Work task. Copy nothing but the lines below running from the line containing "giving disjoint refinements" through the line containing "P (d + x), x <= d, taken", both end lines included.

Collected data:

━━━━━━

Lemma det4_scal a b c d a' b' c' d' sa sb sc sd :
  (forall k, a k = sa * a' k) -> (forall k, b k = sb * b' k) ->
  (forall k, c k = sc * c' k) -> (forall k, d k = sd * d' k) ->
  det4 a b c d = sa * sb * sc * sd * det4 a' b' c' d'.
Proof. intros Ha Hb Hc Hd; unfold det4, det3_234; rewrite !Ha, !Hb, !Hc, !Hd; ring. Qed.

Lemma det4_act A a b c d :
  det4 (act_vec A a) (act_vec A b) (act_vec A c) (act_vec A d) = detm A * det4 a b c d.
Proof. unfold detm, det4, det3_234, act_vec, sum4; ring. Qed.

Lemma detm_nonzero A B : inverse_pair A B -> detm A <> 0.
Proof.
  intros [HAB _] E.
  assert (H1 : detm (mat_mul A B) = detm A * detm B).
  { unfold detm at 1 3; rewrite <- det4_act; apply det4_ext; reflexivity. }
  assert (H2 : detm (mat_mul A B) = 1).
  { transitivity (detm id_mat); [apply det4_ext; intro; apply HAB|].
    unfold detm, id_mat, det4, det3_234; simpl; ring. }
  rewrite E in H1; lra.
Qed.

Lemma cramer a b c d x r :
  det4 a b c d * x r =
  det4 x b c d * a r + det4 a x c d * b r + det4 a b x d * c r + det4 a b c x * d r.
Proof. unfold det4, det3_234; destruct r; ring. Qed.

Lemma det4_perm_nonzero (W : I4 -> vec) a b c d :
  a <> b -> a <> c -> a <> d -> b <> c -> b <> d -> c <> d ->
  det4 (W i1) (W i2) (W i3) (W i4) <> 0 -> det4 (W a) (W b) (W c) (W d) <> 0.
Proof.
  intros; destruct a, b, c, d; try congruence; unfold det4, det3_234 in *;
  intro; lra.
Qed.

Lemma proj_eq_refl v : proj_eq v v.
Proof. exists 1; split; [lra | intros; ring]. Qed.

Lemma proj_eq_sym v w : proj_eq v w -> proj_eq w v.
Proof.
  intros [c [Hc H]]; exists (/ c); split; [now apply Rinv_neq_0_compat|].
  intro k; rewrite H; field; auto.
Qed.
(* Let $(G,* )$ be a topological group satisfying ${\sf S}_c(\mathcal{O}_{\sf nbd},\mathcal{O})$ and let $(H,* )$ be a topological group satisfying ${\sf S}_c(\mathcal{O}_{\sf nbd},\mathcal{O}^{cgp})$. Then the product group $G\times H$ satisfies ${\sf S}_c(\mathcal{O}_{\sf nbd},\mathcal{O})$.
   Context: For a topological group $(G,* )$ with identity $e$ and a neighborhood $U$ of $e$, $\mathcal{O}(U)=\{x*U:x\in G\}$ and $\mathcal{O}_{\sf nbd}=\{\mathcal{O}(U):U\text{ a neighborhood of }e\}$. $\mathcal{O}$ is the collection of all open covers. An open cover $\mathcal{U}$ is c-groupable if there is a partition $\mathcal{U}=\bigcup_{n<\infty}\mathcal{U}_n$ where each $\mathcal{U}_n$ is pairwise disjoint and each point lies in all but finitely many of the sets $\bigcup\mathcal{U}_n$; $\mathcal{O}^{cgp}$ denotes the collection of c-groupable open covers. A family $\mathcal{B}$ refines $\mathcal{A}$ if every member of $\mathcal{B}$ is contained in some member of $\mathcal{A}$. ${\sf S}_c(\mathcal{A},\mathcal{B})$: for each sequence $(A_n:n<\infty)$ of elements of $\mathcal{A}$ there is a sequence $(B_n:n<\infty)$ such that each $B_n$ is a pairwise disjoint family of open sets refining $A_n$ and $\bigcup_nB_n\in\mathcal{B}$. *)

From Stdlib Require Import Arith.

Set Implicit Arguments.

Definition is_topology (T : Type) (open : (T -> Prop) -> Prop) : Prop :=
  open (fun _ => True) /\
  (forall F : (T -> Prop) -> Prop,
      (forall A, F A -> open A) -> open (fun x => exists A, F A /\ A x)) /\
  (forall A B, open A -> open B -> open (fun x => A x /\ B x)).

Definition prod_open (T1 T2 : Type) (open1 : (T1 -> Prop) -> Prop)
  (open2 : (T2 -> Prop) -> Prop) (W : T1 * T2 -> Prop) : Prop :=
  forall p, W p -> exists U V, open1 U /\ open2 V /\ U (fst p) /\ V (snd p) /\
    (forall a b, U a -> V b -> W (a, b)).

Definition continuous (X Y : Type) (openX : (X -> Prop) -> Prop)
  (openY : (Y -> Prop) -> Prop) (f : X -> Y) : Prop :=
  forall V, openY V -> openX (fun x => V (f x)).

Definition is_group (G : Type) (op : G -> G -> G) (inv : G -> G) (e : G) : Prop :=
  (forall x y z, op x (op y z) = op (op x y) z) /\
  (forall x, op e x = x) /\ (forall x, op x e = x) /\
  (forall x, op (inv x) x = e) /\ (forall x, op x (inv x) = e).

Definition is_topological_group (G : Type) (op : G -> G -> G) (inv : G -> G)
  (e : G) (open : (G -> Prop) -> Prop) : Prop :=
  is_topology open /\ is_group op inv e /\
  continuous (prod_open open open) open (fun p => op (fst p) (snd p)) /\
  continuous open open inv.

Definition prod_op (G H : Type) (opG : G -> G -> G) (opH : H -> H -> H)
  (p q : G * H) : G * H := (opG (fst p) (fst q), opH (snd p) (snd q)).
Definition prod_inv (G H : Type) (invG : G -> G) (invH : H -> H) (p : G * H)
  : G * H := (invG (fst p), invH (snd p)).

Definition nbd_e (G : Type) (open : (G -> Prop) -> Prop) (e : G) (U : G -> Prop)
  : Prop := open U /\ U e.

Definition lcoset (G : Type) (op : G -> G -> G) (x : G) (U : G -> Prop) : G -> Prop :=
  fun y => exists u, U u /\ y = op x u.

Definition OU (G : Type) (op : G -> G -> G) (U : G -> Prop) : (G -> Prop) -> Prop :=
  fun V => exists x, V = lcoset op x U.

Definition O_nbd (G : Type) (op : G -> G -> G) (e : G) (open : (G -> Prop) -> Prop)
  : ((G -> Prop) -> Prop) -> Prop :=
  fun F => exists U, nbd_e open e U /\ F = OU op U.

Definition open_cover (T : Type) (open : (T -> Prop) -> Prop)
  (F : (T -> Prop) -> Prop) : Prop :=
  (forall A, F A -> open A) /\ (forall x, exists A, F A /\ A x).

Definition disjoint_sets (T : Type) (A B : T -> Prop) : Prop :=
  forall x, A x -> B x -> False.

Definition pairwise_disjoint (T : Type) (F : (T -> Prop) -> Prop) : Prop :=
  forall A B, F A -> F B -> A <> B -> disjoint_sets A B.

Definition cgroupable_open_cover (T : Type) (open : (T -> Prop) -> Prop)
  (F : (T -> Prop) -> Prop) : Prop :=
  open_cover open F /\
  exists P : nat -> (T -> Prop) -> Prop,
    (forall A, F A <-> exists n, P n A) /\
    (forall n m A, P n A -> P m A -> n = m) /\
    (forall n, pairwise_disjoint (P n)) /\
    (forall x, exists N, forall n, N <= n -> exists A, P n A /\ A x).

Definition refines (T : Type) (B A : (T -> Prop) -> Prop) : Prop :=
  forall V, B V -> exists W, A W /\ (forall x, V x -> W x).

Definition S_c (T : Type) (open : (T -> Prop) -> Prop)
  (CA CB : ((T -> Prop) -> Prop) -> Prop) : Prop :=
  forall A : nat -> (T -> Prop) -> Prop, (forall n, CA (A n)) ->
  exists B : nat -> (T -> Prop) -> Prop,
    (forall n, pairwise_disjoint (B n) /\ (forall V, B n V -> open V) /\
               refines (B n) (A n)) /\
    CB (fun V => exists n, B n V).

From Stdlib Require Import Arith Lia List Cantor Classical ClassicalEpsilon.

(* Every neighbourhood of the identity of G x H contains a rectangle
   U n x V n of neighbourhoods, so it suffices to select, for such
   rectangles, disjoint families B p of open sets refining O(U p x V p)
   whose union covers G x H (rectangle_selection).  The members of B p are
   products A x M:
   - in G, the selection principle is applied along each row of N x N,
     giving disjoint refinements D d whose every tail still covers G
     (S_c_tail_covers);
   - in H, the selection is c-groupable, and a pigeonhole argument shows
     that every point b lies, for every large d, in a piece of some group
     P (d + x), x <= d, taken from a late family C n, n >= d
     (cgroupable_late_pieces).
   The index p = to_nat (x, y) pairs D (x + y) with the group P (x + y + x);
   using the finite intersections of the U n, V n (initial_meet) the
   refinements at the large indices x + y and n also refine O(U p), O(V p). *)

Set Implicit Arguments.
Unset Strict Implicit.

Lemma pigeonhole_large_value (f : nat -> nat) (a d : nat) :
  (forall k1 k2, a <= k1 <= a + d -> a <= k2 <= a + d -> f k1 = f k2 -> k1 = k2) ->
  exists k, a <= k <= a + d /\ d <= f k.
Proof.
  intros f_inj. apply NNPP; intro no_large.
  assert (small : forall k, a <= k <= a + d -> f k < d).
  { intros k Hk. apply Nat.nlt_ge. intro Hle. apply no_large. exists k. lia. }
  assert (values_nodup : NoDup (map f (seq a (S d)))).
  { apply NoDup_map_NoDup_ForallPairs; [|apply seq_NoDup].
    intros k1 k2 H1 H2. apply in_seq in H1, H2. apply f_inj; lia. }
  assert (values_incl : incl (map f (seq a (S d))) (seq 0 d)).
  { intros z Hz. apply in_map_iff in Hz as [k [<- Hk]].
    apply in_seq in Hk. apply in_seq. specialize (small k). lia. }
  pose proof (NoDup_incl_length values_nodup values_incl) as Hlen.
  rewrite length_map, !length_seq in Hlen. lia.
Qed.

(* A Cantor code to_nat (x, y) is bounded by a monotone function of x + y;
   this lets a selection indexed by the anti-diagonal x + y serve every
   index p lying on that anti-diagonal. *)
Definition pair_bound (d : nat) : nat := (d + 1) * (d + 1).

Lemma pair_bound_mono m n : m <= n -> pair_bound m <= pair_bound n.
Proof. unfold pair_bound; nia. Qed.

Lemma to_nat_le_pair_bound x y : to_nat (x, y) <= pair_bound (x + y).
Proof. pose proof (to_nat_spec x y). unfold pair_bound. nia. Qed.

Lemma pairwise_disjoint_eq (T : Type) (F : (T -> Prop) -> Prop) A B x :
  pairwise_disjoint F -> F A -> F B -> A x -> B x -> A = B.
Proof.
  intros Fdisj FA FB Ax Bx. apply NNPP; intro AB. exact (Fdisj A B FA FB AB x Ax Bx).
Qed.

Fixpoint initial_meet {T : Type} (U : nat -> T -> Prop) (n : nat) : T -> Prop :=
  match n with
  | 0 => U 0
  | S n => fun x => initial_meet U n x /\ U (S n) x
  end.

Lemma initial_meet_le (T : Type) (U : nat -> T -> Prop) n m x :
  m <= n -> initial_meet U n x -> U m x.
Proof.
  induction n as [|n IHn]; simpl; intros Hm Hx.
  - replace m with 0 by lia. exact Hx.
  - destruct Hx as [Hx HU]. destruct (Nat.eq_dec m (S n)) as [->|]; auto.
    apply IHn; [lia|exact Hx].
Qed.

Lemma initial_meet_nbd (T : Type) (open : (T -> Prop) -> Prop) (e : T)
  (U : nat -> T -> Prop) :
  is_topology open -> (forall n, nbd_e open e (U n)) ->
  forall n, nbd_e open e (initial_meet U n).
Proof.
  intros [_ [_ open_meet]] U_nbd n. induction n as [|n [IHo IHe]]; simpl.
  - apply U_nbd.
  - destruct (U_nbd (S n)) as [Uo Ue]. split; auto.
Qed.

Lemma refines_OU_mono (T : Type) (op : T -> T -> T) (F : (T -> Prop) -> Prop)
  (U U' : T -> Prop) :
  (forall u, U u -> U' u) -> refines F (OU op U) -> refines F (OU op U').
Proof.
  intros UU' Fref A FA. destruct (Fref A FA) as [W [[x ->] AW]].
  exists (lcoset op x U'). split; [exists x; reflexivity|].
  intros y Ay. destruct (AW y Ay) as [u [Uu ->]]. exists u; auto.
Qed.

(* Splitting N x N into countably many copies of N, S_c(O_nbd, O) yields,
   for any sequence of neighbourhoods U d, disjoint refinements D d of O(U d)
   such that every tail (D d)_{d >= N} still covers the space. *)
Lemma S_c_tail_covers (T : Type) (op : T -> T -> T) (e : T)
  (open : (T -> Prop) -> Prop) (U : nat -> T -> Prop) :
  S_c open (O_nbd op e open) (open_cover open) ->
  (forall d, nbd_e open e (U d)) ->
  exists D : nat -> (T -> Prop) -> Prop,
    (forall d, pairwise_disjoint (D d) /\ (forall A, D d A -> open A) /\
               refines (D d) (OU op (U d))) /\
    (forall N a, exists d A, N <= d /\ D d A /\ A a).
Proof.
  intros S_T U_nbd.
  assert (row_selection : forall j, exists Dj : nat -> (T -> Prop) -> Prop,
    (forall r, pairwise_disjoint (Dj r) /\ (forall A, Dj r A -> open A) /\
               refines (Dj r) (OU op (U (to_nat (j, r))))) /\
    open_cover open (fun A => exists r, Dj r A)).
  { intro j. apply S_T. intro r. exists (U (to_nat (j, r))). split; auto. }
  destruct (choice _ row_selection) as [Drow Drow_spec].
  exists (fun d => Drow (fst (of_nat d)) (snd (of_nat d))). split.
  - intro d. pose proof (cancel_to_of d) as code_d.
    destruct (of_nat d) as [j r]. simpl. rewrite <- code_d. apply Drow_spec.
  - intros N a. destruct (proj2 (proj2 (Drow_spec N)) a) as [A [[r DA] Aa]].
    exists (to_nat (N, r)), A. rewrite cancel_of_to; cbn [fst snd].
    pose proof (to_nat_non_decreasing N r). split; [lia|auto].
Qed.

━━━━━━

Solution for this task.
     giving disjoint refinements D d whose every tail still covers G
     (S_c_tail_covers);
   - in H, the selection is c-groupable, and a pigeonhole argument shows
     that every point b lies, for every large d, in a piece of some group
     P (d + x), x <= d, taken from a late family C n, n >= d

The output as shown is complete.